"We are the Pilgrims, master, we shall go always a little further: it may be beyond that last blue mountain bard with snow, across that angry or that glimmering sea". James Elroyd Flecker
‘We entered the battlements of the ice castle and into the breach hoping to punch our way through…only to be stopped in our tracks with high ice walls which we had to get over, this was a nightmare! Both physically and mentally draining…’ 20th April 2016
Extract from Vic’s book & dairy, Plan D
We landed safely with a bump onto the make shift Arctic sea-ice runway, at the Russian Base, they called Barneo. We stepped out of the cramped Antonov plane into what was a chilly -30 degrees, only to be ushered to a mess tent, guarded by a Russian soldier in his camouflage whites, to wait for the helicopter call. It was still daylight, but the early hours of the morning, and something we had to re-adjust to. Luckily we could grab a quick cup of tea and discuss our final preparations, before hearing the sound of the Russian helicopters as they landed nearby. We moved out to grab our pulks and loaded them onto the crude cargo helicopter. This was it!

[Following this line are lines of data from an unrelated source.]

(* (a) Let $G$ be a finite abelian group of order coprime to $p$ and $\bar a=(a_1,\ldots,a_t)\in(\mathcal F(G,K))^t$. Then the space $\ker(\Delta_{\bar a})=\{f\in\mathcal F(G,K): f*a_j=0\ \forall j\}$ is spanned over $K$ by the translates of the traces $\mathrm{Tr}(g^\vee)$ of the $\bar a$-harmonic characters $g^\vee\in G^\vee$. (b) Let $\Lambda$ be a lattice, $\Lambda'\subseteq\Lambda$ a sublattice of finite index coprime to $p$, and $\bar a=(a_1,\ldots,a_t)\in(\mathcal F^0(\Lambda,K))^t$. Then the kernel of $\Delta_{\bar a}$ restricted to $\mathcal F_{\Lambda'}(\Lambda,K)$ is spanned over $K$ by the translates of the traces of the $\bar a$-harmonic characters $g^\vee\in\mathrm{Char}(\Lambda,\bar K^\times)$ with $\Lambda'\subseteq\ker(g^\vee)$.
   Context: $K=\mathrm{GF}(q)$ with $q=p^r$, $\bar K$ an algebraic closure. For an abelian group $G$, $\mathcal F(G,F)$ and $\mathcal F^0(G,F)$ denote all, resp. finitely supported, functions $G\to F$; $(f*a)(g)=\sum_hf(h)a(g-h)$, $\Delta_af=f*a$, and $\ker\Delta_{\bar a}=\bigcap_j\ker\Delta_{a_j}$. Characters are homomorphisms $G\to\bar K^\times$ ($G^\vee$ for finite $G$, $\mathrm{Char}(\Lambda,\bar K^\times)$ for a lattice $\Lambda$); a character $g^\vee$ is $\bar a$-harmonic if $g^\vee*a_j=0$ for all $j$. For a function $f$ with finitely many values in $\bar K$, let $\mathrm{GF}(q^{r(f)})$ be the smallest subfield of $\bar K$ containing $K$ and all values of $f$, and $\mathrm{Tr}(f)=f+f^q+\cdots+f^{q^{r(f)-1}}$ (powers taken pointwise); it is $K$-valued. Translates of $h$ are the functions $x\mapsto h(x+g)$. $\mathcal F_{\Lambda'}(\Lambda,K)$ is the space of $K$-valued functions on $\Lambda$ invariant under translation by $\Lambda'$. *)

From HB Require Import structures.
From mathcomp Require Import all_boot all_order all_algebra all_field.
From mathcomp Require Import finmap.
Set Implicit Arguments. Unset Strict Implicit. Unset Printing Implicit Defensive.
Import GRing.Theory.
Local Open Scope ring_scope.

The helicopter spluttered into action, with the huge noise and shuddering motion of the blades rotating above, shaking the body as we started to lift off and move in the direction of our drop off point. We had a couple of hours in this tin can, and as I looked down I could see from high above, the impact and devastation of what could be climate change. Something of a white patchwork quilt, destroyed by broken ice fields, expanses of open water and huge cracks. And we were going to land onto this!
We landed with the helicopter blades still turning, I suppose just in case we were on unstable ice…we off loaded our kit and shook the hand of the Russian Commander who said in broken English ‘see you at the North Pole!’ I could not resist but to immediately raise the British flag which was secured to my ski pole and waving it at the Ruskies as they took back off. I wasn’t sure what they thought of us ‘crazy’ Brits, but I simply wanted to make the point that this was a British expedition, and after three years we are going to make this happen... I felt that this was actually a moment of success and elation, just too actually be on the Arctic Ocean alone as a team with what we had set out to do. We had actually made it this far, after such a long journey faced with many obstacles.

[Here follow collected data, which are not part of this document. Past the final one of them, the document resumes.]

Definition tens1 (a : 'M[C]_m) : 'M[C]_(m * 2) := a *t (1%:M : 'M[C]_2).

Lemma tens1M a b : tens1 a *m tens1 b = tens1 (a *m b).
Proof. by rewrite /tens1 tensmx_mul mulmx1. Qed.

Lemma tens1_1 : tens1 1%:M = 1%:M.
Proof. exact: tensmx1. Qed.

Lemma tens1N a : tens1 (- a) = - tens1 a.
Proof. exact: tensmxNl. Qed.

Definition pauli (P Q0 Q1 Q2 : 'M[C]_m) : 'M[C]_(m * 2) :=
  tens1 P + Q0 *t sigma 0 + Q1 *t sigma 1 + Q2 *t sigma 2.

Lemma pauli_entry (P Q0 Q1 Q2 : 'M[C]_m) i j (r t : 'I_2) :
  pauli P Q0 Q1 Q2 (mxtens_index (i, r)) (mxtens_index (j, t)) =
  P i j * (1%:M : 'M[C]_2) r t + Q0 i j * sigma 0 r t + Q1 i j * sigma 1 r t
  + Q2 i j * sigma 2 r t.
Proof. by rewrite !mxE !mxtens_indexK. Qed.

Lemma pauli_eq0 (P Q0 Q1 Q2 : 'M[C]_m) :
  pauli P Q0 Q1 Q2 = 0 -> [/\ P = 0, Q0 = 0, Q1 = 0 & Q2 = 0].
Proof.
move=> pauli0.
have two_neq0 : (2%:R : C) != 0 by rewrite pnatr_eq0.
have i_neq0 : ('i : C) != 0 by rewrite neq0Ci.
have entry0 i j r t : P i j * (1%:M : 'M[C]_2) r t + Q0 i j * sigma 0 r t
    + Q1 i j * sigma 1 r t + Q2 i j * sigma 2 r t = 0.
  by rewrite -pauli_entry pauli0 mxE.
suff coef0 i j : [/\ P i j = 0, Q0 i j = 0, Q1 i j = 0 & Q2 i j = 0].
  by split; apply/matrixP => i j; rewrite mxE; case: (coef0 i j).
move: (entry0 i j 0 0) (entry0 i j 1 1) (entry0 i j 0 1) (entry0 i j 1 0).
rewrite !mxE /= !(mulr0, mul0r, addr0, add0r, mulr1, mul1r, mulrN, mulNr, mulCii, mulrN1, opprK).
move=> e00 e11 e01 e10.
have /eqP : P i j * 2%:R = (P i j + Q2 i j * 'i) + (P i j - Q2 i j * 'i) by ring.
have /eqP : Q2 i j * ('i * 2%:R) = (P i j + Q2 i j * 'i) - (P i j - Q2 i j * 'i) by ring.
have /eqP : Q0 i j * ('i * 2%:R) = (Q0 i j * 'i + Q1 i j) + (Q0 i j * 'i - Q1 i j) by ring.
have /eqP : Q1 i j * 2%:R = (Q0 i j * 'i + Q1 i j) - (Q0 i j * 'i - Q1 i j) by ring.
rewrite e00 e11 e01 e10 addr0 subr0 !mulf_eq0 (negPf two_neq0) (negPf i_neq0) !orbF.
by do 4 move/eqP->.
Qed.

Lemma pauliP (M : 'M[C]_(m * 2)) : exists P Q0 Q1 Q2, M = pauli P Q0 Q1 Q2.
Proof.
pose B (r t : 'I_2) := \matrix_(i, j) M (mxtens_index (i, r)) (mxtens_index (j, t)).
exists (2%:R^-1 *: (B 0 0 + B 1 1)), ((2%:R * 'i)^-1 *: (B 0 1 + B 1 0)),
  (2%:R^-1 *: (B 0 1 - B 1 0)), ((2%:R * 'i)^-1 *: (B 0 0 - B 1 1)).
have two_neq0 : (2%:R : C) != 0 by rewrite pnatr_eq0.
have i_neq0 : ('i : C) != 0 by rewrite neq0Ci.
apply/matrixP => x y.
case: (mxtens_indexP x) => i r; case: (mxtens_indexP y) => j t.
rewrite pauli_entry !mxE.
case: (ord2P r) => ->; case: (ord2P t) => ->; rewrite /=;
  rewrite ?(mulr0, mul0r, addr0, add0r, mulr1, mul1r, mulrN, mulNr, mulCii, mulrN1, opprK);
  by field; rewrite ?mulf_neq0.
Qed.

Lemma pauliB (P Q0 Q1 Q2 P' Q0' Q1' Q2' : 'M[C]_m) :
  pauli P Q0 Q1 Q2 - pauli P' Q0' Q1' Q2' = pauli (P - P') (Q0 - Q0') (Q1 - Q1') (Q2 - Q2').
Proof. by apply/matrixP => x y; rewrite !mxE; ring. Qed.

Lemma pauli_inj (P Q0 Q1 Q2 P' Q0' Q1' Q2' : 'M[C]_m) :
  pauli P Q0 Q1 Q2 = pauli P' Q0' Q1' Q2' -> [/\ P = P', Q0 = Q0', Q1 = Q1' & Q2 = Q2'].
Proof.
move/eqP; rewrite -subr_eq0 pauliB => /eqP/pauli_eq0.
by case=> /subr0_eq-> /subr0_eq-> /subr0_eq-> /subr0_eq->.
Qed.

Lemma pauli_tens1 (P : 'M[C]_m) : pauli P 0 0 0 = tens1 P.
Proof. by rewrite /pauli !tens0mx !addr0. Qed.

Lemma sum_tens_sigma (Y : 'I_3 -> 'M[C]_m) : \sum_k Y k *t sigma k = pauli 0 (Y 0) (Y 1) (Y 2).
Proof. by rewrite sum_ord3 /pauli /tens1 tens0mx add0r. Qed.

Lemma sum_tens_sigma_mul (Y : 'I_3 -> 'I_3 -> 'M[C]_m) :
  \sum_k \sum_l Y k l *t (sigma k *m sigma l) =
  pauli (- (Y 0 0 + Y 1 1 + Y 2 2)) (Y 2 1 - Y 1 2) (Y 0 2 - Y 2 0) (Y 1 0 - Y 0 1).
Proof.
rewrite !sum_ord3 !sigma_sqr sigma01 sigma02 sigma10 sigma12 sigma20 sigma21.
by apply/matrixP => x y; rewrite !mxE; ring.
Qed.

Lemma pauli_sigma_pairs (Y0 Y1 Y2 : 'M[C]_m) :
  Y0 *t (sigma 0 *m sigma 1) + Y1 *t (sigma 1 *m sigma 2) + Y2 *t (sigma 0 *m sigma 2)
  = pauli 0 (- Y1) Y2 (- Y0).
Proof. by rewrite sigma01 sigma12 sigma02; apply/matrixP => x y; rewrite !mxE; ring. Qed.

End Pauli.

Definition ord_cat (T : Type) m1 m2 (f1 : 'I_m1 -> T) (f2 : 'I_m2 -> T)
    (i : 'I_(m1 + m2)) : T :=
  match split i with inl j => f1 j | inr j => f2 j end.

Lemma ord_cat_lshift T m1 m2 (f1 : 'I_m1 -> T) (f2 : 'I_m2 -> T) i :
  ord_cat f1 f2 (lshift m2 i) = f1 i.
Proof. by rewrite /ord_cat (unsplitK (inl i : 'I_m1 + 'I_m2)). Qed.

Lemma ord_cat_rshift T m1 m2 (f1 : 'I_m1 -> T) (f2 : 'I_m2 -> T) i :
  ord_cat f1 f2 (rshift m1 i) = f2 i.
Proof. by rewrite /ord_cat (unsplitK (inr i : 'I_m1 + 'I_m2)). Qed.

Lemma sum_ord_cat2 (T : Type) (V : nmodType) (G : T -> T -> V) m1 m2
    (a b : 'I_m1 -> T) (a' b' : 'I_m2 -> T) :
  \sum_(i < m1 + m2) G (ord_cat a a' i) (ord_cat b b' i) =
  \sum_(i < m1) G (a i) (b i) + \sum_(i < m2) G (a' i) (b' i).
Proof.
rewrite big_split_ord; congr (_ + _); apply: eq_bigr => i _.
  by rewrite !ord_cat_lshift.
by rewrite !ord_cat_rshift.
Qed.

Section TwoForms.
Variables (C : numClosedFieldType) (d : nat) (X : 'I_3 -> 'M[C]_d).
Hypotheses (X01 : mxlie (X 0) (X 1) = X 2) (X12 : mxlie (X 1) (X 2) = X 0)
  (X20 : mxlie (X 2) (X 0) = X 1).
Local Notation sigma := (sigma C).
Local Notation tens1 := (@tens1 C d).
Local Notation pauli := (@pauli C d).
Local Notation ad k := (mxlie (X k)).

Definition dirac : 'M[C]_(d * 2) := \sum_(k < 3) X k *t sigma k.

Definition dD (a : 'M[C]_d) := mxlie dirac (tens1 a).

Definition laplacian (b : 'M[C]_d) := \sum_(k < 3) ad k (ad k b).

Definition inS (M : 'M[C]_(d * 2)) : Prop :=
  exists m (a0 a1 a2 : 'I_m -> 'M[C]_d),
    M = \sum_(i < m) (tens1 (a0 i) *m dD (a1 i) *m dD (a2 i)).

Definition inJ2 (M : 'M[C]_(d * 2)) : Prop :=
  exists m (a b : 'I_m -> 'M[C]_d),
    \sum_(i < m) (tens1 (a i) *m dD (b i)) = 0 /\
    M = \sum_(i < m) (dD (a i) *m dD (b i)).

Definition inV (M : 'M[C]_(d * 2)) : Prop :=
  exists Y0 Y1 Y2 : 'M[C]_d,
    M = Y0 *t (sigma 0 *m sigma 1) + Y1 *t (sigma 1 *m sigma 2)
        + Y2 *t (sigma 0 *m sigma 2).

Lemma dDE a : dD a = \sum_k ad k a *t sigma k.
Proof.
rewrite /dD /mxlie /dirac mulmx_suml mulmx_sumr -sumrB; apply: eq_bigr => k _.
by rewrite /tens1 !tensmx_mul mulmx1 mul1mx tensmxBl.
Qed.

Lemma dDM a b : dD (a *m b) = dD a *m tens1 b + tens1 a *m dD b.
Proof. by rewrite /dD -tens1M mxlieMr. Qed.

Lemma dDZ c a : dD (c *: a) = c *: dD a.
Proof.
by rewrite /dD /mxlie /tens1 tensmxZl -scalemxAl -scalemxAr scalerBr.
Qed.

Lemma sum_tens1_dD m (a b : 'I_m -> 'M[C]_d) :
  \sum_i tens1 (a i) *m dD (b i) = \sum_k (\sum_i a i *m ad k (b i)) *t sigma k.
Proof.
under eq_bigr do rewrite dDE mulmx_sumr.
rewrite exchange_big; apply: eq_bigr => k _; rewrite tensmx_suml.
by apply: eq_bigr => i _; rewrite /tens1 tensmx_mul mul1mx.
Qed.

We had about six hours rest and were up to start at 1400hrs (ready to leave for 1600hrs) for our first day on ice. Routine is key and plays a critical part in all our lives in coping and getting through the day. Without routine we would not get anywhere! On our expedition, routine helped enormously as we chipped away at the miles every day in the attempt to reach our goal.
We couldn’t afford to have a day of rest, even if it was required, as we had to keep moving and make the most of the available time to get to the Geographic North Pole. There were long days on ice. Our routine grew slicker and slicker with every passing day. Within a short time we had worked out our system, developing the basics of setting up the tent and our daily routine, all from what we had established during the South Pole expedition and our training.
Nevertheless, the experience in the South and our training could not prepare us fully for the environment of the North Pole. I still maintain that this environment is the harshest one known to humans, especially with climate change and the way the ice is breaking up. It creates an enormously challenging terrain. Every few hundred metres we were faced with walls of ice rubble. This is where ice crashes into other ocean ice and rides up, creating more ice rising up and up. I would say that after every 100 meters we would be faced with a huge barricade of ice which we would have to climb over. This was not thin ice, but boulders of huge thick ice blocks which we had to find our way through, looking for the weakest point and creating a route over the rubble. This could involve removing our skis, securing them to the pulk, and then man-hauling the pulk over a wall of ice, all the time being careful not to injure ourselves or damage our equipment. This all took time and had to be done properly. Sometimes we hit double walls, or we were faced with walls all around us! I remember one time when we had penetrated the initial four or five walls of ice but then found that we were surrounded and trapped in a small football pitch sized area... and then we lost the sun! In my mind it was like being trapped inside a castle made of ice. My heart dropped on several occasions and sometimes I wandered whether we would ever get through it! But we soon realised that as a team we had the confidence to get through all of these obstacles and what was being thrown at us.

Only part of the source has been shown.